With evocative and lively illustrations, A Seed Grows offers a close-up view of each step of this process and the ways in which flowers and seeds depend on other creatures, with a striking fold-out spread of a full-grown sunflower and additional material at the back of the book explaining the science of plant life cycles.
Antoinette Portis is the author of A New Green Day, a Publishers Weekly Best Book of the Year and NCTE Notable Book in Poetry, as well as the Sibert Honor winning Hey, Water!
PUBLISHERS WEEKLY
Employing spare language and sunny, stippled multimedia spreads that belie their quiet complexity, Portis gracefully traces a sunflower's cycle from seed to sprout to plant and back again. On each page, a term on the verso corresponds in hue with an image on the recto, focusing the reader's attention on a single visual component.

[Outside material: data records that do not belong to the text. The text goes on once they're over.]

(* Let $n\geq 2$. Let $S$ be the semigroup with zero $0$ defined by the presentation with generators $x,y,z$ and defining relations $$xyz=x,\quad yzy=y,\quad zyz=z,$$ together with $w=0$ for each $w\in\{x^n,\ y^2,\ z^2,\ xz,\ yx,\ zx^{n-1}\}$, and let $A=S^1\{x,y\}$. Then $S$ is finite, $\mathrm{H}_{\mathcal{R}}(S)=n$ and $\mathrm{H}_{\mathcal{R}}(A)=2n-1$.
   Context: A presentation of a semigroup with zero $\langle X\mid R\rangle$ defines the quotient of the free semigroup with zero on $X$ by the congruence generated by $R$. $S^1$ denotes $S$ with an identity adjoined; $A=S^1\{x,y\}$ is the left ideal generated by $x,y$. Green's preorder: $a\leq_{\mathcal{R}} b$ iff $aS^1\subseteq bS^1$; $\mathcal{R}$ is the associated equivalence; the $\mathcal{R}$-height $\mathrm{H}_{\mathcal{R}}$ of a semigroup is the supremum of cardinalities of chains in its poset of $\mathcal{R}$-classes; for $A$ it is computed in the semigroup $A$ itself. *)

From mathcomp Require Import all_boot.
Set Implicit Arguments. Unset Strict Implicit. Unset Printing Implicit Defensive.

Inductive gen := gx | gy | gz.

(** Free semigroup with zero on {x,y,z}: either the zero, or a nonempty
    word [Word a s] = a followed by the letters of s. *)
Inductive FS := Zero | Word of gen & seq gen.

Definition fmul (u v : FS) : FS :=
  match u, v with
  | Word a s, Word b t => Word a (s ++ b :: t)
  | _, _ => Zero
  end.

Inductive cong (R : FS -> FS -> Prop) : FS -> FS -> Prop :=
  | cong_base u v : R u v -> cong R u v
  | cong_refl u : cong R u u
  | cong_sym u v : cong R u v -> cong R v u
  | cong_trans u v w : cong R u v -> cong R v w -> cong R u w
  | cong_mull w u v : cong R u v -> cong R (fmul w u) (fmul w v)
  | cong_mulr w u v : cong R u v -> cong R (fmul u w) (fmul v w).

Definition X : FS := Word gx [::].
Definition Y : FS := Word gy [::].
Definition Z : FS := Word gz [::].

Inductive rels (n : nat) : FS -> FS -> Prop :=
  | r_xyz : rels n (Word gx [:: gy; gz]) X
  | r_yzy : rels n (Word gy [:: gz; gy]) Y
  | r_zyz : rels n (Word gz [:: gy; gz]) Z
  | r_xn  : rels n (Word gx (nseq n.-1 gx)) Zero           (* x^n = 0 *)
  | r_y2  : rels n (Word gy [:: gy]) Zero
  | r_z2  : rels n (Word gz [:: gz]) Zero
  | r_xz  : rels n (Word gx [:: gz]) Zero
  | r_yx  : rels n (Word gy [:: gx]) Zero
  | r_zxn1 : rels n (Word gz (nseq n.-1 gx)) Zero.         (* z x^(n-1) = 0 *)

(** Equality in S (elements of S are represented by elements of FS). *)
Definition eqS (n : nat) : FS -> FS -> Prop := cong (rels n).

The word seed, for example, written in black, attends the arrival of a striped black sunflower shell at right ("A seed falls"). A page turn later, a brown-hued soil faces its referent, in which the seed nestles. And the font size of a bright green grows enlarges over several spreads as the seedling does the same. But the pages offer much more than an experiential play-by-play for youngest readers. In addition to incorporating mention of the seedling's early needs (soil, sun, rain) and maturation phases (bud, flower, seed), text and image hint at the plant's external effects (for those who "nest in the leaves// in the tops of trees") and, poignantly, its place as participant in the natural world. It's a volume almost as jam-packed as a seed itself. Contextualizing back matter concludes. Ages 3 6.